You can create a derived dataset by combining existing datasets (source or derived) to create a compound dataset. A fundamental distinction between source and derived datasets is that you define source datasets by mapping tables in the data warehouse. In contrast, derived datasets are based on other datasets within Analytics.
Create a derived dataset
You can create a derived dataset from multiple datasets with custom SQL statements.
- Go to Data > Datasets > + New Dataset > Derived Dataset.
- Configure the dataset in the dataset definition page.
Dataset definition
The following are the different sections available for dataset definition:
Query
Insert your SQL query into the SQL box. You can insert dataset names or columns into the box with the auto-complete feature that displays a list of selectable options. Click Run Query to preview your query results.
Column properties
- Name – The display name of the column in the dataset.
- SQL definition – The SQL expression or underlying column name used to populate the field.
- Description – The optional text to explain the purpose or contents of the column.
- Data type – The data format of the column.
- Measure or attribute – The option to specify whether the column should be treated as a metric for analysis or as an attribute for grouping and filtering.
- Default aggregation – The default operation applied when the analysis uses the column.
- Data index – The toggle to control whether Analytics caches the column's distinct values in the warehouse. This reduces the latency with which column value dropdowns are populated. This is true by default for columns with string data types and disabled for others.

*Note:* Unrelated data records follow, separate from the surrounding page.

(* A map psi from T to the ends of S sending arcs to linked pairs, together
   with S -> delta H, yields T -> H: an end of s is sent to the corresponding
   end of the arc of H assigned to s. *)
Lemma linked_pullback (S H T : digraph) (psi : dvert T -> dvert S * bool) :
  hom S (arc_graph H) -> (forall x y, darc x y -> linked (psi x) (psi y)) ->
  hom T H.
Proof.
case=> phi hphi psi_linked.
pose vert_of (p : dvert S * bool) := if p.2 then (val (phi p.1)).2 else (val (phi p.1)).1.
have vert_glue p q : connect (@glue S) p q -> vert_of p = vert_of q.
  apply: connect_inv => -[a [|]] [b [|]] //= ab.
    exact/eqP/(hphi a b ab).
  exact/esym/eqP/(hphi b a ab).
exists (fun x => vert_of (psi x)) => x y /psi_linked /existsP[s /andP[xs ys]].
by rewrite (vert_glue _ _ xs) (vert_glue _ _ ys); apply: (valP (phi s)).
Qed.

Definition point : digraph := @Digraph unit (fun _ _ => false).

Lemma point_tree : oriented_tree point.
Proof.
split => //.
- by rewrite card_unit.
- by move=> [] []; apply: connect0.
- by move=> [|[] [|[] c]].
Qed.

Definition addleaf (S : digraph) (s0 : dvert S) (out : bool) : digraph :=
  @Digraph (option (dvert S)) (fun a b => match a, b with
    | Some u, Some v => darc u v
    | Some u, None => out && (u == s0)
    | None, Some v => ~~ out && (v == s0)
    | None, None => false end).

Section AddLeaf.
Variables (S : digraph) (s0 : dvert S) (out : bool).
Let S1 := addleaf s0 out.

Lemma uadj_leaf (u : dvert S) : @uadj S1 (Some u) None = (u == s0).
Proof. by rewrite /uadj /=; case: out; rewrite ?andbF ?orbF. Qed.

Lemma addleaf_connected :
  (forall u v : dvert S, connect (@uadj S) u v) ->
  forall a b : dvert S1, connect (@uadj S1) a b.
Proof.
move=> conn.
have some_conn u v : connect (@uadj S1) (Some u) (Some v).
  exact: (connect_homo (f := Some) _ (conn u v)).
have leaf_conn u : connect (@uadj S1) None (Some u).
  by apply: connect_trans (some_conn s0 u); rewrite connect1 // uadj_sym uadj_leaf.
have sym := sym_connect_sym (@uadj_sym S1).
move=> [u|] [v|]; [exact: some_conn | by rewrite sym | exact: leaf_conn | exact: connect0].
Qed.

(* The new leaf has a single neighbour, so it lies on no cycle. *)
Lemma leaf_on_no_cycle (c : seq (dvert S1)) :
  3 <= size c -> ucycleb (@uadj S1) c -> None \notin c.
Proof.
move=> size_c /andP[cyc_c uniq_c]; apply/negP => /rot_to[i s' rot_c].
move: (rot_cycle i (@uadj S1) c) (rot_uniq i c).
rewrite -(size_rot i) rot_c cyc_c uniq_c in size_c *.
case: s' size_c {rot_c} => [|a [|b t]] //= _ /and3P[leaf_a _].
rewrite rcons_path => /andP[_ last_leaf] /and4P[leaf_notin a_notin _ _].
have last_in := mem_last b t.
case: a leaf_a a_notin leaf_notin => [a|] //; rewrite uadj_sym uadj_leaf.
move=> /eqP a_s0 a_notin; rewrite inE negb_or => /andP[_].
case: (last b t) last_in last_leaf => [z|] z_in; last by rewrite z_in.
by rewrite uadj_leaf => /eqP z_s0; move: a_notin; rewrite a_s0 -z_s0 z_in.
Qed.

- Enabled – The toggle to control the visibility and usability of the column.
Primary keys
A primary key is a column or set of columns in a dataset that uniquely identifies each row within the dataset. While configuring a primary key is optional in Optimizely Analytics, it is a highly recommended best practice for ensuring the quality and reliability of your data.

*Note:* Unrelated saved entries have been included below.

Lemma chain_cost_ge0 x us : 0 <= chain_cost R x us.
Proof. by apply: sumr_ge0 => i _; apply: divr_ge0. Qed.

Lemma ced_ge0 x y : 0 <= ced R x y.
Proof. by apply: inf_ge0 => _ [us _ <-]; exact: chain_cost_ge0. Qed.

Lemma ced_le_chain_cost x y us : ed_chain R x y us -> ced R x y <= chain_cost R x us.
Proof.
move=> hus; apply: ge_inf; last by exists us.
by exists 0 => _ [vs _ <-]; exact: chain_cost_ge0.
Qed.

Lemma chain_cost_le x us m : (0 < m)%N -> all (fun u => m <= size u)%N us ->
  chain_cost R x us <= (size us)%:R / m%:R.
Proof.
move=> m0 /allP us_long; apply: le_trans (_ : \sum_(i < size us) 1 / m%:R <= _).
  apply: ler_sum => i _.
  have m_le : (m <= maxn (size (nth x (x :: us) i)) (size (nth x us i)))%N.
    by rewrite (leq_trans _ (leq_maxr _ _)) // us_long // mem_nth.
  by apply: (@ler_nat_div R 1 1); rewrite ?mul1n // (leq_trans m0 m_le).
by rewrite sumr_const card_ord -mulrnAl.
Qed.

Lemma ced_le_path x y p : is_edit_path x y p -> (wgt p < size x)%N ->
  ced R x y <= (wgt p)%:R / (size x - wgt p)%:R.
Proof.
case=> _ [ex ey] w_lt; have [us [hch hlast hsize hlong]] := edit_chain_of_ops p.
rewrite -/(edit_src p) in ex; rewrite -/(edit_tgt p) in ey.
rewrite ex ey in hch hlast hlong.
have hc : ed_chain R x y us by rewrite -hlast; exact: edit_chain_ed_chain.
apply: le_trans (ced_le_chain_cost hc) _.
rewrite -hsize; apply: chain_cost_le; first by rewrite subn_gt0 hsize.
by apply/allP => u /(allP hlong); rewrite leq_subLR hsize addnC.
Qed.

Definition decay (K n : nat) : R := (4 * K)%:R / n.+1%:R.

Lemma decay_ge0 K n : 0 <= decay K n.
Proof. exact: divr_ge0. Qed.

Lemma decay_cvg0 K : decay K n @[n --> \oo] --> 0.
Proof. by rewrite -(mulr0 (4 * K)%:R); apply: cvgMl_tmp; exact: cvg_harmonic. Qed.

Lemma le_decay K n m : (n <= m)%N -> decay K m <= decay K n.
Proof. by move=> nm; apply: ler_nat_div => //; nia. Qed.

Section NearPaths.
Variables (K : nat) (x y : word) (p : seq (edit_op Sigma)).
Hypotheses (hp : is_edit_path x y p) (w_lt : (wgt p < K)%N).
Hypothesis x_long : (2 * K < size x)%N.

Let x_neq0 : x != [::].
Proof. by rewrite -size_eq0 -lt0n (leq_trans _ x_long). Qed.

Lemma ned_le_decay : ned R x y <= decay K (size x).
Proof.
have x_le : (size x <= size p)%N by case: hp => _ [<- _]; exact: size_edit_src.
by apply: le_trans (ned_le_path x_neq0 hp) _; apply: ler_nat_div => //; nia.
Qed.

The primary key's main job is to ensure that every row is unique. Without it, you could have duplicate rows that inflate your metrics. For example, if you have two identical rows for the same user, you might incorrectly count them as two separate users, leading to flawed analysis and business decisions. A primary key acts as a safeguard against this.
To define a primary key, ensure that a dataset within Analytics does not include fully duplicated rows, because you cannot establish a primary key for such a dataset.
- Click + Add to add primary keys.
- Click the blank box under Columns Group.
- Select a column to set it as a key in your dataset from the drop-down list.
Health check
The primary key health check is a tool designed to verify that the primary key is functioning correctly, letting you proactively detect errors and build confidence in your data foundation.
Use Check health in the Primary Keys tab to evaluate a given set of columns designated as a primary key to determine how many distinct key values have duplicate rows.
For datasets identified as event streams, the check automatically filters data to the last 60 days. To ensure predictable performance and cost efficiency, the scan is limited to a maximum of 10 million rows.
There are three different health statuses possible, and they are as follows:
- Healthy – Indicates that all primary key values are unique. For example, when all the values are unique, it displays the following message: All non-null PK values are unique!
- Warning – Indicates that a small number of duplicate primary key values were found. For example, when the number of duplicate values is between 1 and 99, it displays the following message: Some duplicate PK values found!
- Unhealthy – Indicates that more than 100 duplicate primary key values were found. For example, when the number of duplicate values is more than 100, it displays the following message: Many duplicate PK values found!
Cohorts and derived columns
In this section, you can define new derived columns and cohorts of rows that represent logical groupings within the respective tabs. This is an optional step. Learn more about cohorts and derived columns.
Related datasets
The Related datasets tab lets you define logical relationships between datasets, similar to how tables relate in a data warehouse. You can combine event and attribute data for richer analysis without understanding the underlying data structure. Analytics uses these relationships to determine which datasets to join in an exploration and only shows relevant options in the UI. For example, using common user ID columns, you can form a relationship between an events dataset and a users dataset.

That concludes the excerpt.